Collected data
^^^^

(* Let $\mathcal{E}$ be a finite-dimensional complex regular evolution algebra of dimension greater than one. Then $\mathcal{E}$ is not complete.
   Context: An evolution algebra over $\mathbb{C}$ is a $\mathbb{C}$-algebra $\mathcal{E}$ admitting a basis $\{e_1,\dots,e_n\}$ (a natural basis) such that $e_ie_j=0$ for all $i\neq j$. $\mathcal{E}$ is regular (perfect) if $\mathcal{E}=\mathcal{E}^2$, equivalently the structure matrix $(a_{ij})$ defined by $e_i^2=\sum_j a_{ij}e_j$ (relative to any natural basis) is invertible. $\mathcal{E}$ is complete if every subalgebra of $\mathcal{E}$ admits a natural basis (i.e. a basis whose distinct elements have zero product) which can be extended to a natural basis of $\mathcal{E}$. *)

From HB Require Import structures.
From mathcomp Require Import all_boot all_order all_algebra.
From mathcomp Require Import complex.
From mathcomp Require Import reals.
Set Implicit Arguments. Unset Strict Implicit. Unset Printing Implicit Defensive.
Import Order.TTheory GRing.Theory Num.Theory.
Local Open Scope ring_scope.


Section EvolutionAlgebras.
Variables (K : fieldType) (V : vectType K).

Definition bilinear_mul (mul : V -> V -> V) : Prop :=
  (forall (a : K) (x y z : V), mul (a *: x + y) z = a *: mul x z + mul y z) /\
  (forall (a : K) (x y z : V), mul x (a *: y + z) = a *: mul x y + mul x z).

Definition natural_family (mul : V -> V -> V) (s : seq V) : Prop :=
  forall i j, (i < size s)%N -> (j < size s)%N -> i != j ->
    mul (nth 0 s i) (nth 0 s j) = 0.

Definition natural_basis (mul : V -> V -> V) (s : seq V) : Prop :=
  basis_of fullv%VS s /\ natural_family mul s.

Definition evolution_algebra (mul : V -> V -> V) : Prop :=
  bilinear_mul mul /\ exists s, natural_basis mul s.

(** E = E^2 : the only subspace containing all products is E itself
    (E^2 is the subspace spanned by all products). *)
Definition regular (mul : V -> V -> V) : Prop :=
  forall U : {vspace V}, (forall x y, mul x y \in U) -> U = fullv.

Definition subalgebra (mul : V -> V -> V) (U : {vspace V}) : Prop :=
  forall x y, x \in U -> y \in U -> mul x y \in U.

Definition complete (mul : V -> V -> V) : Prop :=
  forall U : {vspace V}, subalgebra mul U ->
    exists s, [/\ basis_of U s, natural_family mul s &
      exists s', natural_basis mul s' /\ {subset s <= s'}].

End EvolutionAlgebras.
(* Let $G$ be a simple graph having two edges with no common end. Then $(\lambda-1)^2$ divides $P(\mathcal{H}_{\bullet G},\lambda)$.
   Context: A hypergraph $\mathcal{H}=(\mathcal{V},\mathcal{E})$ consists of a finite vertex set $\mathcal{V}$ and a set $\mathcal{E}$ of subsets of $\mathcal{V}$, each of size at least $1$, called edges. For a positive integer $\lambda$, a weak proper $\lambda$-colouring of $\mathcal{H}$ is a map $\phi:\mathcal{V}\to\{1,\dots,\lambda\}$ such that $|\{\phi(v):v\in e\}|>1$ for every $e\in\mathcal{E}$. $P(\mathcal{H},\lambda)$ denotes the number of weak proper $\lambda$-colourings; it is a polynomial in $\lambda$. For a simple graph $G=(V,E)$, $\mathcal{H}_{\bullet G}$ is the hypergraph with vertex set $V\cup\{w\}$, $w\notin V$ a new vertex, and edge set $\{\{u,v,w\}:uv\in E\}$. *)

From HB Require Import structures.
From mathcomp Require Import all_boot all_order all_algebra.
Set Implicit Arguments. Unset Strict Implicit. Unset Printing Implicit Defensive.
Import GRing.Theory Num.Theory.

Definition hyp_edges_ok (T : finType) (E : {set {set T}}) : bool :=
  [forall e in E, e != set0].

Definition weak_proper (T : finType) (E : {set {set T}}) (lam : nat)
  (phi : {ffun T -> 'I_lam}) : bool :=
  [forall e in E, 1 < #|[set phi v | v in e]|].

Definition num_weak_colourings (T : finType) (E : {set {set T}}) (lam : nat) : nat :=
  #|[set phi : {ffun T -> 'I_lam} | @weak_proper T E lam phi]|.

(* p is the chromatic polynomial P(H, .) : it agrees with the counting function
   at every positive integer (this determines p uniquely). *)
Definition is_chrom_poly (T : finType) (E : {set {set T}}) (p : {poly rat}) : Prop :=
  forall lam : nat, (0 < lam)%N -> (p.[lam%:R] = (num_weak_colourings E lam)%:R)%R.

Definition simple_graph (V : finType) (adj : rel V) : Prop :=
  symmetric adj /\ irreflexive adj.

(* The hypergraph H_{.G}: vertex set option V (None is the new vertex w),
   edges {u, v, w} for each edge uv of G. *)
Definition bullet_edges (V : finType) (adj : rel V) : {set {set option V}} :=
  [set [set Some x.1; Some x.2; None] | x in [set x : V * V | adj x.1 x.2]].

From HB Require Import structures.
From mathcomp Require Import all_boot all_order all_algebra.
Import GRing.Theory Num.Theory.
Set Implicit Arguments. Unset Strict Implicit.

(* A colouring of H_{.G} is weakly proper iff the vertices of G sharing the
   colour of w form an independent set S.  Given S and the colour of w, each
   vertex outside S has lam - 1 admissible colours, so
   P(lam) = lam * \sum_(S independent) (lam - 1)^|V \ S|.  Two disjoint edges
   each leave a vertex outside any independent S, so every exponent is >= 2. *)

Lemma card_set3_gt1 (T : finType) (a b c : T) :
  (1 < #|[set a; b; c]|) = (a != c) || (b != c).
Proof.
have [->|ac] := eqVneq a c; have [->|bc] := eqVneq b c;
  rewrite ?setUid ?cards1 //=; apply/card_gt1P;
  [exists b, c | exists a, c | exists a, c]; by rewrite !inE !eqxx !orbT.
Qed.

Section BulletHypergraph.

Variables (V : finType) (adj : rel V).

Definition independent (S : {set V}) : bool :=
  [forall x in S, forall y in S, ~~ adj x y].

Definition colour_class_of_w lam (phi : {ffun option V -> 'I_lam}) : {set V} :=
  [set v | phi (Some v) == phi None].

Lemma weak_proper_bulletE lam (phi : {ffun option V -> 'I_lam}) :
  weak_proper (bullet_edges adj) phi = independent (colour_class_of_w phi).
Proof.
have edgeE x y :
    (1 < #|[set phi v | v in [set Some x; Some y; None]]|) =
    ~~ ((x \in colour_class_of_w phi) && (y \in colour_class_of_w phi)).
  by rewrite !imsetU !imset_set1 card_set3_gt1 !inE negb_and.
apply/forallP/forall_inP => [proper x Sx|indep e].
- apply/forall_inP => y Sy; apply: contraTN Sy => xy.
  have /implyP := proper [set Some x; Some y; None].
  rewrite edgeE Sx; apply.
  by apply/imsetP; exists (x, y); rewrite ?inE.
- apply/implyP => /imsetP [[x y]]; rewrite inE /= => xy ->.
  rewrite edgeE; apply/negP => /andP [Sx Sy].
  by have /forall_inP/(_ y Sy) := indep x Sx; rewrite xy.
Qed.

Lemma card_colourings_with_class lam (c : 'I_lam) (S : {set V}) :
  #|[set phi : {ffun option V -> 'I_lam} |
       (phi None == c) && (colour_class_of_w phi == S)]| = lam.-1 ^ #|~: S|.
Proof.
pose allowed (x : option V) : pred 'I_lam :=
  if x is Some v then (if v \in S then pred1 c else predC1 c) else pred1 c.
transitivity #|(family allowed : simpl_pred {ffun option V -> 'I_lam})|.
  apply: eq_card => phi; rewrite inE; apply/andP/familyP => [[/eqP c_w /eqP S_phi]|].
  - move: S_phi; rewrite /allowed => <- [v|] /=; last by rewrite inE c_w.
    by rewrite inE c_w; case: eqP => [->|/eqP]; rewrite inE.
  - move=> allowed_phi; have c_w : phi None = c by have /eqP := allowed_phi None.
    split; first by rewrite c_w.
    apply/eqP/setP => v; rewrite inE c_w; have := allowed_phi (Some v) => /=.
    by case: (v \in S); rewrite inE // => /negbTE.
rewrite card_family foldrE big_image /=.
rewrite (eq_bigr (fun x => if x \in Some @: ~: S then lam.-1 else 1)) => [|[v|] _].
- by rewrite -big_mkcond prod_nat_const card_imset //; exact: Some_inj.
- rewrite (mem_imset _ _ Some_inj) inE /=.
  by case: (v \in S); rewrite /= ?card1 // cardC1 card_ord.
- by rewrite card1; case: imsetP => // -[].
Qed.

Lemma num_weak_colourings_bullet lam :
  num_weak_colourings (bullet_edges adj) lam =
  lam * \sum_(S : {set V} | independent S) lam.-1 ^ #|~: S|.
Proof.
rewrite /num_weak_colourings -sum1_card.
pose split_colouring (phi : {ffun option V -> 'I_lam}) :=
  (phi None, colour_class_of_w phi).
rewrite (partition_big split_colouring (fun j => independent j.2)) => [|phi];
  last by rewrite inE weak_proper_bulletE.
transitivity (\sum_(j : 'I_lam * {set V} | independent j.2) lam.-1 ^ #|~: j.2|).
  apply: eq_bigr => -[c S] /= indepS.
  rewrite -(card_colourings_with_class c S) -sum1_card; apply: eq_bigl => phi.
  rewrite !inE weak_proper_bulletE xpair_eqE.
  by case: (colour_class_of_w phi =P S) => [-> | _]; rewrite ?andbF // indepS.
rewrite -(pair_big_dep xpredT (fun _ => independent) (fun _ S => lam.-1 ^ #|~: S|)).
by rewrite sum_nat_const card_ord.
Qed.

Lemma card_compl_independent_ge2 (a b c d : V) (S : {set V}) :
  adj a b -> adj c d -> [&& a != c, a != d, b != c & b != d] ->
  independent S -> 1 < #|~: S|.
Proof.
move=> ab cd /and4P [ac ad bc bd] indepS.
have outside x y : adj x y -> exists2 z, (z == x) || (z == y) & z \in ~: S.
  move=> xy; have [Sx|notSx] := boolP (x \in S); last by exists x; rewrite ?eqxx ?inE.
  exists y; rewrite ?eqxx ?orbT // inE; apply: contraTN xy => Sy.
  by have /forall_inP/(_ y Sy) := forall_inP indepS x Sx.
have [x xab x_out] := outside _ _ ab; have [y ycd y_out] := outside _ _ cd.
apply/card_gt1P; exists x, y; split=> //.
by case/orP: xab => /eqP ->; case/orP: ycd => /eqP ->.
Qed.

End BulletHypergraph.

Theorem mainTheorem18 (V : finType) (adj : rel V) :
  simple_graph adj ->
  (exists a b c d : V,
      [/\ adj a b, adj c d & [&& a != c, a != d, b != c & b != d]]) ->
  exists p : {poly rat},
    is_chrom_poly (bullet_edges adj) p /\
    ((('X - 1) ^+ 2 : {poly rat}) %| p)%R.
Proof.
move=> _ [a [b [c [d [ab cd disjoint]]]]].
exists ('X * \sum_(S : {set V} | independent adj S) ('X - 1) ^+ #|~: S|)%R; split.
- move=> lam lam_gt0; rewrite num_weak_colourings_bullet natrM natr_sum.
  rewrite hornerM hornerX horner_sum; congr (_ * _)%R; apply: eq_bigr => S _.
  by rewrite horner_exp hornerD hornerN hornerX hornerC natrX -subn1 natrB.
- apply: dvdp_mull; elim/big_rec: _ => [|S q indepS q_div]; first exact: dvdp0.
  rewrite dvdp_add // dvdp_exp2l //.
  exact: card_compl_independent_ge2 ab cd disjoint indepS.
Qed.
Lemma cmod_coef_prod_XsubC {s : seq Ri} {K : R} : 0 <= K ->
  (forall r, r \in s -> cmod r <= K) ->
  forall j, cmod (\prod_(r <- s) ('X - r%:P))`_j <= (1 + K) ^+ size s.
Proof.
move=> K0; elim: s => [|r s IH] hs j.
  by rewrite big_nil coefC; case: (j == 0%N); rewrite ?cmod1 ?cmod0 ?expr0.
have hr : cmod r <= K by apply: hs; rewrite inE eqxx.
have {}IH j' : cmod (\prod_(r <- s) ('X - r%:P))`_j' <= (1 + K) ^+ size s.
  by apply: IH => x hx; apply: hs; rewrite inE hx orbT.
set P := \prod_(r <- s) _ in IH *; set B := (1 + K) ^+ size s in IH *.
have B0 : 0 <= B by apply: exprn_ge0; lra.
have rP i : cmod (r * P`_i) <= K * B by rewrite cmodM ler_pM ?cmod_ge0.
rewrite big_cons /= exprS -/B; case: j => [|j].
  by rewrite coefXsubCM0 mulNr cmodN; have := rP 0%N; nra.
rewrite coefXsubCMS; have := ler_cmodB P`_j (r * P`_j.+1); have := IH j; have := rP j.+1.
nra.
Qed.

Lemma cmod_root_le_monic (G : {poly Ri}) N (B : R) r : G \is monic -> size G = N.+1 ->
  0 <= B -> (forall j, cmod G`_j <= B) -> root G r -> cmod r <= 1 + N%:R * B.
Proof.
move=> Gm sG B0 GB /rootP Gr.
have NB0 : 0 <= N%:R * B by apply: mulr_ge0.
have [r1|r1] := leP (cmod r) 1; first by lra.
have lcG : G`_N = 1 by move/monicP: Gm; rewrite lead_coefE sG.
move: Gr; rewrite horner_coef sG big_ord_recr /= lcG mul1r => Gr.
have rN : r ^+ N = - \sum_(i < N) G`_i * r ^+ i.
  by apply/eqP; rewrite -subr_eq0 opprK addrC Gr.
case: N sG lcG rN {NB0 Gr} => [|M] sG lcG rN.
  by move/eqP: rN; rewrite expr0 big_ord0 oppr0 oner_eq0.
have rM : cmod r ^+ M.+1 <= M.+1%:R * B * cmod r ^+ M.
  rewrite -[cmod r ^+ M.+1]cmodX rN cmodN.
  apply: le_trans; first exact: ler_cmod_sum.
  have -> : M.+1%:R * B * cmod r ^+ M = \sum_(i < M.+1) (B * cmod r ^+ M).
    by rewrite sumr_const card_ord mulr_natl mulrnAl.
  apply: ler_sum => i _; rewrite cmodM cmodX.
  apply: ler_pM; [exact: cmod_ge0 | exact/exprn_ge0/cmod_ge0 | exact: GB |].
  by apply: ler_weXn2l; [lra | rewrite -ltnS].
have rM0 : 0 < cmod r ^+ M by apply: exprn_gt0; lra.
by move: rM; rewrite exprS ler_pM2r //; lra.
Qed.

Lemma cmod_coef0_prod_XsubC_ge {s : seq Ri} {mu : R} : 0 <= mu ->
  (forall r, r \in s -> mu <= cmod r) ->
  mu ^+ size s <= cmod (\prod_(r <- s) ('X - r%:P))`_0.
Proof.
move=> mu0 hs; rewrite -horner_coef0 horner_prod cmod_prod.
elim: s hs => [|r s IH] hs; first by rewrite big_nil expr0.
rewrite big_cons /= exprS hornerXsubC sub0r cmodN.
apply: ler_pM; rewrite ?exprn_ge0 //; first by apply: hs; rewrite inE eqxx.
by apply: IH => x hx; apply: hs; rewrite inE hx orbT.
Qed.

^^^^

Exercise description ->
Please count the lines above that contain the word "complex", and reply with the number alone.

Written response ->
2